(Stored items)
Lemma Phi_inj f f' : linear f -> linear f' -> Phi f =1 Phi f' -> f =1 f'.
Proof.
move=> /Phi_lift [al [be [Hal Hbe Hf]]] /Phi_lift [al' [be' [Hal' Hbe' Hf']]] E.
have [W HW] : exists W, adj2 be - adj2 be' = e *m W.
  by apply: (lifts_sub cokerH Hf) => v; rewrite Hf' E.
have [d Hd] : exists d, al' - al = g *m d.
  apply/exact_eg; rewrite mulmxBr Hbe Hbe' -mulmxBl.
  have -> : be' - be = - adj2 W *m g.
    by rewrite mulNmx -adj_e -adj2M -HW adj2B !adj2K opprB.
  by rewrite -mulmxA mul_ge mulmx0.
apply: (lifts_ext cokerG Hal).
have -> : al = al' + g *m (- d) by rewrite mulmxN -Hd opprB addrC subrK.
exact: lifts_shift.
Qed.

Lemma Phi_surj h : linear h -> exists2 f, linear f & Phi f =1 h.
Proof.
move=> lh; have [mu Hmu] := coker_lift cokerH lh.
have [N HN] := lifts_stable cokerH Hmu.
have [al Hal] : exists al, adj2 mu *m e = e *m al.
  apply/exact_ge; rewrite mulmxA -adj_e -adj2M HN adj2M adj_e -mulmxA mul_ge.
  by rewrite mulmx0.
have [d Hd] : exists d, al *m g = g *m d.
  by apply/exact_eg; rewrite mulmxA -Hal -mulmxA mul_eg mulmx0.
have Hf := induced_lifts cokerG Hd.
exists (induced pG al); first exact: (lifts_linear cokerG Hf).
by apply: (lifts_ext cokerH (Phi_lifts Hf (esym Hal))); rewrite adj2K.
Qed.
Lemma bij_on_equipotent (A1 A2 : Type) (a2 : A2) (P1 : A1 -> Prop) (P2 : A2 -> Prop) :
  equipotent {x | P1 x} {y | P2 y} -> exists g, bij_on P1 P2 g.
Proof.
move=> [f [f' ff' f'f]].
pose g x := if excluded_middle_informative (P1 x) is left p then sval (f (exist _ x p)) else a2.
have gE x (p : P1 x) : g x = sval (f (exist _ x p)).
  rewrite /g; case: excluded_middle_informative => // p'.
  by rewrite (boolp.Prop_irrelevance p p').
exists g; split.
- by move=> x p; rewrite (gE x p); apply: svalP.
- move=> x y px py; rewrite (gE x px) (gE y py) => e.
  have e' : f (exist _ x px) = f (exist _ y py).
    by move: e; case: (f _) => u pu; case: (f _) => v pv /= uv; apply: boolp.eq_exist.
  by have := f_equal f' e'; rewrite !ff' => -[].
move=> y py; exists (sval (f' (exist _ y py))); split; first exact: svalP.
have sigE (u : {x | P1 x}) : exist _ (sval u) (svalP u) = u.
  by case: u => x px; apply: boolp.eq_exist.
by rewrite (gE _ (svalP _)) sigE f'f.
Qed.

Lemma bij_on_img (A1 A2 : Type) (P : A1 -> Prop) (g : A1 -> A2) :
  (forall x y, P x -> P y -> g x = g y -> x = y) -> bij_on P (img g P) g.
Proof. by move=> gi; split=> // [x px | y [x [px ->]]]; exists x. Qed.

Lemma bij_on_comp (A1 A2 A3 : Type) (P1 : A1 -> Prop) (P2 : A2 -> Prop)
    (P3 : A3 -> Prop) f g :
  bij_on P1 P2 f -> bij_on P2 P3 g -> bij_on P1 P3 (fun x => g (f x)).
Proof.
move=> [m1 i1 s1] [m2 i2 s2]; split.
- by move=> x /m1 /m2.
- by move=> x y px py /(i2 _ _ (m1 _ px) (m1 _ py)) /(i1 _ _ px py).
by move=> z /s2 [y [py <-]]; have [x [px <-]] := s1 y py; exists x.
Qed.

GOAL OF THE EXERCISE ::
When the line with "by apply: (lifts_sub" is reached in the data above, begin copying, and stop after the line with "have [N HN] := lifts_stable cokerH Hmu."; copy each line exactly, both ends included.

SOLUTION BELOW ::
  by apply: (lifts_sub cokerH Hf) => v; rewrite Hf' E.
have [d Hd] : exists d, al' - al = g *m d.
  apply/exact_eg; rewrite mulmxBr Hbe Hbe' -mulmxBl.
  have -> : be' - be = - adj2 W *m g.
    by rewrite mulNmx -adj_e -adj2M -HW adj2B !adj2K opprB.
  by rewrite -mulmxA mul_ge mulmx0.
apply: (lifts_ext cokerG Hal).
have -> : al = al' + g *m (- d) by rewrite mulmxN -Hd opprB addrC subrK.
exact: lifts_shift.
Qed.

Lemma Phi_surj h : linear h -> exists2 f, linear f & Phi f =1 h.
Proof.
move=> lh; have [mu Hmu] := coker_lift cokerH lh.
have [N HN] := lifts_stable cokerH Hmu.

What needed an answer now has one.